Back-up officers arrived on the scene within a matter of minutes and one of them, armed with a shotgun, approached appellant who stated: "Don't shoot, I surrender," or "Don't shoot, I give up" or "Don't shoot, I've been shot." Appellant stated to police officers at the hospital that he did not know the identity of Britton who he stated was a hitchhiker. Appellant's vehicle was found a mile or so down the road, out of gas. It was towed to the police department and searched without either a warrant or asking appellant for permission to search the vehicle. The search produced, among other things, a green money bag which was identified by the employees of the Pizza Hut as one which was used in the robbery of that establishment. Officer Doug Fogley, who conducted the search, knew that appellant was in the hospital in Fayetteville at the time of the search. Fogley also administered a trace metal detection test on appellant and determined that he had not handled a gun that evening. The following morning Fogley and four other officers interrogated appellant in the intensive care unit of the Veterans Administration Hospital in Fayetteville. The interrogation was conducted with the consent of the attending physician.
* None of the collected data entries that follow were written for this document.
(* Let $p, q$ be integers with $p, q \ge 2$. Then for every $\lambda \in \Lambda^{p,q}_{+}$, \[ \mathcal{F}(\lambda; \Lambda^{p,q}) \simeq \begin{cases} \mathcal{F}(T^{p,q}_{2,2}(\lambda); \Lambda^{2,2}) & \text{if } \lambda \in \operatorname{Fix}(T^{2,2}_{p,q} \circ T^{p,q}_{2,2}),\\ \mathrm{pt} & \text{otherwise,} \end{cases} \] where $\simeq$ denotes homotopy equivalence and $\mathrm{pt}$ the one-point space.
   Context: $\mathbb{N}=\{0,1,2,\dots\}$. For an additive commutative monoid $\Lambda$ that is cancellative and has no non-trivial invertible elements, define the partial order $\lambda \le \mu$ iff there is $\nu\in\Lambda$ with $\lambda+\nu=\mu$; write $\lambda<\mu$ for $\lambda\le\mu$, $\lambda\ne\mu$. Let $\Lambda_+=\Lambda\setminus\{0\}$. For a poset $P$, $|P|$ denotes the geometric realization of its order complex (simplices are the finite nonempty chains), and $(x,y)_P=\{z\in P: x<z<y\}$. The Frobenius complex is $\mathcal{F}(\lambda;\Lambda)=|(0,\lambda)_\Lambda|$ for $\lambda\in\Lambda_+$. For positive integers $p,q$, $\Lambda^{p,q}=\langle a,b\mid pa=qb\rangle$ is the quotient of the free commutative monoid $\mathbb{N}a\oplus\mathbb{N}b$ by the congruence generated by $\lambda+pa\sim\lambda+qb$ ($\lambda\in\mathbb{N}a\oplus\mathbb{N}b$). For positive integers $p,q$, the transition function $\tau^p_q:\mathbb{N}\to\mathbb{N}$ is $\tau^p_q(mp+n)=mq+\min\{n,q-1\}$ for $m\in\mathbb{N}$, $0\le n<p$. For positive integers $p,q,r,s$, the transition map $T^{p,q}_{r,s}:\Lambda^{p,q}\to\Lambda^{r,s}$ is $T^{p,q}_{r,s}(ma+nb)=\tau^p_r(m)a+\tau^q_s(n)b$ ($m,n\in\mathbb{N}$). For a function $f$ on a set $X$, $\operatorname{Fix} f=\{x\in X: f(x)=x\}$. *)

From Stdlib Require Import Relation_Operators.
From HB Require Import structures.
From mathcomp Require Import all_boot all_order all_algebra.
From mathcomp Require Import all_classical all_reals all_analysis.
Import numFieldNormedType.Exports.
Import Order.TTheory GRing.Theory Num.Theory.
Import ArrowAsProduct.

Set Implicit Arguments.
Unset Strict Implicit.
Unset Printing Implicit Defensive.

Local Open Scope classical_set_scope.
Local Open Scope ring_scope.

(** Free commutative monoid N a (+) N b, an element m a + n b is (m, n). *)
Definition freeM := (nat * nat)%type.
Definition addF (x y : freeM) : freeM := ((x.1 + y.1)%N, (x.2 + y.2)%N).

Definition stepF (p q : nat) (x y : freeM) : Prop :=
  exists l : freeM, x = addF l (p, 0%N) /\ y = addF l (0%N, q).

(** The congruence generated: its equivalence closure (the generating
    relation is already translation invariant). *)
Definition congF (p q : nat) : freeM -> freeM -> Prop :=
  clos_refl_sym_trans freeM (stepF p q).

Definition Lam (p q : nat) := {S : set freeM | exists x, S = congF p q x}.

HB.instance Definition _ (p q : nat) := gen_eqMixin (Lam p q).
HB.instance Definition _ (p q : nat) := gen_choiceMixin (Lam p q).

Definition clsL (p q : nat) (x : freeM) : Lam p q :=
  exist _ (congF p q x) (ex_intro _ x erefl).

Definition repL (p q : nat) (a : Lam p q) : freeM := projT1 (cid (proj2_sig a)).

Definition zeroL (p q : nat) : Lam p q := clsL p q (0%N, 0%N).
Definition addL (p q : nat) (a b : Lam p q) : Lam p q :=
  clsL p q (addF (repL a) (repL b)).

Arguments zeroL p q : clear implicits.
Arguments clsL p q x : clear implicits.

Definition leL (p q : nat) (a b : Lam p q) : Prop := exists c, addL a c = b.
Definition ltL (p q : nat) (a b : Lam p q) : Prop := leL a b /\ a <> b.

Definition ointL (p q : nat) (x y : Lam p q) : set (Lam p q) :=
  [set z | ltL x z /\ ltL z y].

Definition tau (p q : nat) (k : nat) : nat :=
  ((k %/ p) * q + minn (k %% p) (q - 1))%N.

Definition Tmap (p q r s : nat) (a : Lam p q) : Lam r s :=
  clsL r s (tau p r (repL a).1, tau q s (repL a).2).

Arguments Tmap p q r s a : clear implicits.

(** * Geometric realization of the order complex of a poset (P, le),
    realized inside R^V (product topology): the points are the weight
    functions w >= 0 supported in P, of total weight 1, whose support
    is a chain.  (For finite P this is the usual geometric realization.) *)
Definition realization (R : realType) (V : choiceType) (le : V -> V -> Prop)
    (P : set V) : set (V -> R) :=
  [set w | (forall v, 0 <= w v) /\ (forall v, ~ P v -> w v = 0) /\
           (\sum_(v \in P) w v = 1) /\
           (forall u v, 0 < w u -> 0 < w v -> le u v \/ le v u)].

Arguments realization R {V} le P.

Definition Frob (R : realType) (p q : nat) (lam : Lam p q) : set (Lam p q -> R) :=
  realization R (@leL p q) (ointL (zeroL p q) lam).

Arguments Frob R {p q} lam.

Definition unitI (R : realType) : set R := [set t | 0 <= t <= 1].

Arguments unitI R : clear implicits.

Definition homotopic_on (R : realType) (S T : topologicalType)
    (X : set S) (Y : set T) (f g : S -> T) : Prop :=
  exists H : S * R -> T,
    {within X `*` (unitI R), continuous H} /\
    (forall x t, X x -> unitI R t -> Y (H (x, t))) /\
    (forall x, X x -> H (x, 0) = f x) /\
    (forall x, X x -> H (x, 1) = g x).

Definition homotopy_equivalent (R : realType) (S T : topologicalType)
    (X : set S) (Y : set T) : Prop :=
  exists (f : S -> T) (g : T -> S),
    {within X, continuous f} /\ (f @` X `<=` Y) /\
    {within Y, continuous g} /\ (g @` Y `<=` X) /\
    homotopic_on R X X (g \o f) id /\ homotopic_on R Y Y (f \o g) id.

Definition pt (R : realType) : set R := [set 0].
Arguments pt R : clear implicits.

(* Write c for T^{2,2}_{p,q} \o T^{p,q}_{2,2}.  Coordinatewise properties of the
   transition functions show that c is monotone and below the identity on
   Lambda^{p,q}, and that T^{p,q}_{2,2} \o T^{2,2}_{p,q} is the identity.  By the
   order homotopy lemma (monotone maps f <= g between finite posets induce
   homotopic maps of realizations), |c| is homotopic to the identity of
   F(lambda).  If c lambda = lambda, the two transition maps restrict to maps
   between (0, lambda) and (0, T lambda) with composites c and the identity,
   which gives the equivalence.  Otherwise c lambda lies in (0, lambda) and
   c x <= c lambda for every x <= lambda, so |c| is also homotopic to the
   constant map at the vertex c lambda, and F(lambda) is contractible. *)

From Stdlib Require Import Relation_Operators.
From mathcomp Require Import all_boot all_order all_algebra.
From mathcomp Require Import all_classical all_reals all_analysis.
From mathcomp Require Import zify finmap lra.
Import numFieldNormedType.Exports.
Import ArrowAsProduct.
Import Order.TTheory GRing.Theory Num.Theory.

Set Implicit Arguments.
Unset Strict Implicit.
Unset Printing Implicit Defensive.

(** * The monoid Lambda^{p,q} and its transition maps *)

Section Lambda.
Variables (p q : nat).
During this interrogation appellant indicated that he had picked up Britton as a hitchhiker. (Britton was killed several days later in a shootout with the police not far from the scene of the death of Chief Mueller.)

During the trial it was established that Britton and appellant had become acquainted while serving time together at Leavenworth Federal Penitentiary. There was no dispute but that appellant knew the identity of Britton when he said he did not know him. Appellant was allowed to serve as co-counsel during his trial. After his conviction as an accomplice to capital murder and hindering apprehension and prosecution he was allowed to address the jury on the penalty phase. During this argument he requested that the jury give him the death penalty rather than life imprisonment. The jury obliged.

I.

THE TRIAL COURT ABUSED ITS DISCRETION IN DENYING DEFENDANT'S MOTION FOR SEVERANCE OF THE OFFENSES OF HINDERING APPREHENSION AND ACCOMPLICE TO CAPITAL MURDER.

The evidence clearly indicated that it was Britton who fired the shots which killed Chief Mueller. There was no direct evidence that appellant actively assisted in the shooting of the officer. Our established law is that granting or refusing a severance is within the discretion of the trial court. Ruiz & Van Denton v. State, 273 Ark. 94, 617 S.W.2d 6 (1981), A.R.Cr.P. Rule 22.2(b) states:

(b) The court, on application of the prosecuting attorney, or on application of the defendant other than under subsection (a), shall grant a severance of offenses:

(i) if before trial, it is deemed appropriate to promote a fair determination of the defendant's guilt or innocence of each offense...

Pursuant to the foregoing rule the trial court determined that it was not necessary to grant a severance in order to promote a fair determination of the defendant's guilt or innocence. The facts necessary to prove the offenses would almost all be required in each trial if a severance were granted. Evidence of the Pizza Hut robbery was found in appellant's car. This evidence would be used in both trials, as would other acts and evidence, to establish a plan, scheme, motive or state of mind. The conduct of appellant, both before and after the murder, would be admissible for the purpose of showing a plan or scheme. A.R.Cr.P. Rule 21.1(b) provides that offenses may be joined for trial when they are based on the same conduct or on a series of acts connected together or constituting parts of a single scheme or plan. Owen v. State, 263 Ark. 493, 565 S.W.2d 607 (1978). The trial court did not abuse its discretion in refusing to sever the offenses in this case.

II.

THE TRIAL COURT ERRED IN FAILING TO DIRECT A VERDICT.

The appellant argues that the evidence was insufficient to support the conviction of capital murder. We realize that the evidence is primarily circumstantial but it was of such force that it would induce the mind of the average person to pass beyond suspicion and conjecture. It was of sufficient force and character to support a finding of reasonable and material certainty and to compel a conclusion one way or the other. Jones v. State, 269 Ark. 119, 598 S.W.2d 748 (1980).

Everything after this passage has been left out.